What to produce> Review the material and extract every line in which the word "ends" occurs.

Records shown>
(* Let $\mathfrak L=(V,E,\lambda,\iota)$ be a $\lambda$-graph system presenting a subshift $\Lambda$. If $\mathfrak L$ is $\lambda$-irreducible then $\mathfrak L$ is $\iota$-irreducible, and if $\mathfrak L$ is $\iota$-irreducible then $\Lambda$ is irreducible.
   Context: A $\lambda$-graph system over a finite alphabet $\Sigma$ is $\mathfrak L=(V,E,\lambda,\iota)$ where $V=\bigsqcup_{l\ge0}V_l$ with $V_l$ finite, $E=\bigsqcup_{l\ge0}E_{l,l+1}$ with each $e\in E_{l,l+1}$ having source $s(e)\in V_l$ and terminal $t(e)\in V_{l+1}$, $\lambda:E\to\Sigma$ a labeling, $\iota:V_{l+1}\to V_l$ surjections, every vertex has an outgoing edge and every vertex of $V_{l+1}$ an incoming edge, and (local property) for $u\in V_{l-1}$, $v\in V_{l+1}$ there is a label-preserving bijection between $\{e\in E_{l,l+1}:t(e)=v,\ \iota(s(e))=u\}$ and $\{e\in E_{l-1,l}:s(e)=u,\ t(e)=\iota(v)\}$. A labeled path is a finite sequence of consecutive edges $e_1,\dots,e_n$ with $e_i\in E_{k+i-1,k+i}$ and $t(e_i)=s(e_{i+1})$; its label is $(\lambda(e_1),\dots,\lambda(e_n))$. The presented subshift $\Lambda$ is the subshift whose admissible words are the labels of labeled paths; a subshift is irreducible if for admissible $\mu,\nu$ there is $\eta$ with $\mu\eta\nu$ admissible. $\iota^n$ denotes the $n$-fold composition of the maps $\iota$. $\mathfrak L$ is $\iota$-irreducible if for any $u,v\in V_l$ and any labeled path $\gamma$ leaving $u$ there exist $n$, a labeled path $\eta$ of length $n$ leaving $v$ with $\iota^n(t(\eta))=u$, and a labeled path $\gamma'$ leaving $t(\eta)$ with $\iota^n(t(\gamma'))=t(\gamma)$ and $\lambda(\gamma')=\lambda(\gamma)$. $\mathfrak L$ is $\lambda$-irreducible if for any ordered pair $u,v\in V_l$ there is $L(u,v)\in\mathbb N$ such that for every $w\in V_{l+L(u,v)}$ with $\iota^{L(u,v)}(w)=u$ there is a labeled path $\gamma$ with $s(\gamma)=v$, $t(\gamma)=w$. *)

From mathcomp Require Import all_boot.
Set Implicit Arguments. Unset Strict Implicit. Unset Printing Implicit Defensive.

(* V l   : the finite vertex set V_l,
   E l   : the finite edge set E_{l,l+1},
   src l : E_{l,l+1} -> V_l,  trm l : E_{l,l+1} -> V_{l+1},
   lab l : E_{l,l+1} -> Sigma, iota l : V_{l+1} -> V_l.           *)
Record lgs (Sigma : finType) := LGS {
  V : nat -> finType;
  E : nat -> finType;
  src : forall l, E l -> V l;
  trm : forall l, E l -> V l.+1;
  lab : forall l, E l -> Sigma;
  iota : forall l, V l.+1 -> V l;
  iota_surj : forall l (u : V l), exists v : V l.+1, iota v = u;
  out_edge : forall l (u : V l), exists e : E l, src e = u;
  in_edge : forall l (v : V l.+1), exists e : E l, trm e = v;
  (* local property, stated for l+1 in place of l: u in V_l, v in V_{l+2} *)
  local_prop : forall l (u : V l) (v : V l.+2),
    exists f : {e : E l.+1 | trm e = v /\ iota (src e) = u} ->
               {e : E l | src e = u /\ trm e = iota v},
      bijective f /\ forall x, lab (proj1_sig (f x)) = lab (proj1_sig x)
}.

Section Paths.
Variables (Sigma : finType) (L : lgs Sigma).

Definition VS := {l : nat & V L l}.
Definition ES := {l : nat & E L l}.
Definition vx l (v : V L l) : VS := existT _ l v.
Definition esrc (e : ES) : VS := existT _ (tag e) (src (tagged e)).
Definition etrm (e : ES) : VS := existT _ (tag e).+1 (trm (tagged e)).
Definition elab (e : ES) : Sigma := lab (tagged e).

Fixpoint is_path (x : VS) (p : seq ES) : Prop :=
  match p with
  | [::] => True
  | e :: p' => esrc e = x /\ is_path (etrm e) p'
  end.

Fixpoint pend (x : VS) (p : seq ES) : VS :=
  match p with
  | [::] => x
  | e :: p' => pend (etrm e) p'
  end.

Definition plabel (p : seq ES) : seq Sigma := map elab p.

Unset Implicit Arguments.
Fixpoint iotan (n l : nat) : V L (n + l) -> V L l :=
  match n return V L (n + l) -> V L l with
  | 0 => fun w => w
  | n'.+1 => fun w => iotan n' l (@iota _ L (n' + l) w)
  end.
Set Implicit Arguments.

Definition admissible (w : seq Sigma) : Prop :=
  exists x p, is_path x p /\ plabel p = w.

Definition subshift_irreducible : Prop :=
  forall mu nu, admissible mu -> admissible nu ->
    exists eta, admissible (mu ++ eta ++ nu).

Definition iota_irreducible : Prop :=
  forall l (u v : V L l) (g : seq ES), is_path (vx u) g ->
    exists n (eta : seq ES) (w : V L (n + l)),
      [/\ is_path (vx v) eta, size eta = n, pend (vx v) eta = vx w,
          iotan n l w = u &
          exists g' : seq ES, exists z : V L (n + (size g + l)),
            [/\ is_path (vx w) g', plabel g' = plabel g,
                pend (vx w) g' = vx z &
                vx (iotan n (size g + l) z) = pend (vx u) g]].

Definition lambda_irreducible : Prop :=
  forall l (u v : V L l), exists Luv : nat,
    forall w : V L (Luv + l), iotan Luv l w = u ->
      exists g : seq ES, is_path (vx v) g /\ pend (vx v) g = vx w.

End Paths.

From Stdlib Require Import Eqdep_dec PeanoNat.
From mathcomp Require Import all_boot.
Set Implicit Arguments. Unset Strict Implicit.

(* The local property lets a labeled path be lifted one level up, backwards
   from any vertex above its terminal vertex, keeping its label; iterating,
   a path lifts along iota^n to end at any prescribed vertex n levels above
   its end.  Given lambda-irreducibility, lift gamma so that it ends at an
   arbitrary vertex over t(gamma) at level l + L(u,v); its lifted source lies
   over u, and lambda-irreducibility provides the connecting path eta from v.
   Given iota-irreducibility, two admissible words are first realised by
   paths lifted so that the first ends at the level where the second starts;
   iota-irreducibility then connects them. *)

Section LambdaGraphPaths.
Variables (Sigma : finType) (L : lgs Sigma).

Lemma vx_inj k (a b : V L k) : vx a = vx b -> a = b.
Proof. exact: inj_pair2_eq_dec Nat.eq_dec _ _ _ _. Qed.

Lemma tag_pend (x : VS L) p : is_path x p -> tag (pend x p) = size p + tag x.
Proof.
elim: p x => [|e p IHp] x //= [<- Hp].
by rewrite IHp //= addnS.
Qed.

Lemma is_path_cat (x : VS L) p q :
  is_path x (p ++ q) <-> is_path x p /\ is_path (pend x p) q.
Proof.
elim: p x => [|e p IHp] x /=; first by split=> // -[].
by rewrite IHp; split=> [[-> []] | [[-> ?] ?]].
Qed.

Lemma iotan_surj n l (u : V L l) : exists w : V L (n + l), iotan _ L n l w = u.
Proof.
elim: n => [|n [w <-]]; first by exists u.
by have [w' <-] := iota_surj w; exists w'.
Qed.

Lemma lift_path_iota p k (x : V L k) m (y : V L m.+1) :
  is_path (vx x) p -> pend (vx x) p = vx (iota y) ->
  exists (x' : V L k.+1) p',
    [/\ iota x' = x, is_path (vx x') p', plabel p' = plabel p
      & pend (vx x') p' = vx y].
Proof.
elim: p k x => [|[l e] p IHp] k x /=.
  move=> _ Hxy; have Hkm : k = m := f_equal (@projT1 _ _) Hxy; subst m.
  by exists y, [::]; rewrite (vx_inj Hxy).
rewrite /esrc /etrm /=; case=> Hsrc Hp Hend.
have Hl : l = k := f_equal (@projT1 _ _) Hsrc; subst l.
have {}Hsrc := vx_inj Hsrc.
have [x1 [p1 [Hx1 Hp1 Hlab1 Hend1]]] := IHp _ _ Hp Hend.
have [f [[g _ gK] f_lab]] := local_prop x x1.
(* e is an edge from x to iota x1: the bijection of the local property
   pulls it back to an edge into x1 whose source lies over x. *)
pose c : {e : E L k | src e = x /\ trm e = iota x1} :=
  exist _ e (conj Hsrc (esym Hx1)).
have := f_lab (g c); rewrite gK /=.
case: (g c) => [e' [Htrm Hiota]] /= Hlab.
exists (src e'), (existT _ k.+1 e' :: p1); split=> //=.
- by rewrite /etrm /= Htrm.
- by move: Hlab1; rewrite /plabel /= => ->; rewrite /elab /= Hlab.
- by rewrite /etrm /= Htrm.
Qed.

Lemma lift_path_iotan n k m (x : V L k) p (y : V L (n + m)) :
  is_path (vx x) p -> pend (vx x) p = vx (iotan _ L n m y) ->
  exists (x' : V L (n + k)) p',
    [/\ iotan _ L n k x' = x, is_path (vx x') p', plabel p' = plabel p
      & pend (vx x') p' = vx y].
Proof.
elim: n y => [|n IHn] y Hp Hend; first by exists x, p.
have [x1 [p1 [<- Hp1 <- Hend1]]] := IHn (iota y) Hp Hend.
have [x' [p' [<- Hp' <- Hend']]] := lift_path_iota Hp1 Hend1.
by exists x', p'.
Qed.

Lemma lift_path n k (x : V L k) p : is_path (vx x) p ->
  exists (x' : V L (n + k)) p', is_path (vx x') p' /\ plabel p' = plabel p.
Proof.
move=> Hp; move: (tag_pend Hp).
case Hend: (pend (vx x) p) => [m y] /= Hm; subst m.
have [z Hz] := iotan_surj n y.
have [x' [p' [_ Hp' Hlab _]]] := lift_path_iotan Hp (etrans Hend (congr1 _ (esym Hz))).
by exists x', p'.
Qed.

Lemma lambda_irreducible_iota_irreducible :
  lambda_irreducible L -> iota_irreducible L.
Proof.
move=> Hlam l u v g Hg.
have [N HN] := Hlam l u v.
move: (tag_pend Hg); case Hend: (pend (vx u) g) => [m y] /= Hm; subst m.
have [z Hz] := iotan_surj N y.
have [w [g' [Hw Hg' Hlab Hend']]] :=
  lift_path_iotan Hg (etrans Hend (congr1 _ (esym Hz))).
have [eta [Heta Heta_end]] := HN w Hw.
exists N, eta, w; split=> //; last by exists g', z; rewrite Hz.
have := tag_pend Heta; rewrite Heta_end /= => Hlevel.
by apply/eqP; rewrite -(eqn_add2r l) Hlevel.
Qed.

Lemma iota_irreducible_join (x y : VS L) p q :
  iota_irreducible L -> is_path x p -> is_path y q -> tag (pend x p) = tag y ->
  exists eta, admissible L (plabel p ++ eta ++ plabel q).
Proof.
case Hend: (pend x p) => [k a]; case: y => [k' b] Hio Hp Hq /= Hk; subst k'.
have [n [eta [w [Heta _ Heta_end _ [q' [_ [Hq' Hlab _ _]]]]]]] := Hio k b a q Hq.
exists (plabel eta), x, (p ++ eta ++ q'); split.
- by rewrite !is_path_cat Hend Heta_end.
- by rewrite /plabel !map_cat -/(plabel q') Hlab.
Qed.

Lemma iota_irreducible_subshift_irreducible :
  iota_irreducible L -> subshift_irreducible L.
Proof.
move=> Hio _ _ [[l1 x] [p [Hp <-]]] [[l2 y] [q [Hq <-]]].
(* Lift p by (l2 - d) and q by (d - l2), d the terminal level of p: both
   then meet at level maxn d l2. *)
pose d := size p + l1.
have [x' [p' [Hp' Hlab_p]]] := lift_path (l2 - d) Hp.
have [y' [q' [Hq' <-]]] := lift_path (d - l2) Hq.
rewrite -Hlab_p; apply: (iota_irreducible_join Hio Hp' Hq').
have := congr1 size Hlab_p; rewrite /plabel !size_map => Hsize.
by rewrite (tag_pend Hp') /= Hsize addnCA -/d addnC -maxnE maxnC maxnE addnC.
Qed.

End LambdaGraphPaths.

Theorem lemma2p6 (Sigma : finType) (L : lgs Sigma) :
  (lambda_irreducible L -> iota_irreducible L) /\
  (iota_irreducible L -> subshift_irreducible L).
Proof.
split.
- exact: lambda_irreducible_iota_irreducible.
- exact: iota_irreducible_subshift_irreducible.
Qed.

Solution to this exercise>
   its end.  Given lambda-irreducibility, lift gamma so that it ends at an
   paths lifted so that the first ends at the level where the second starts;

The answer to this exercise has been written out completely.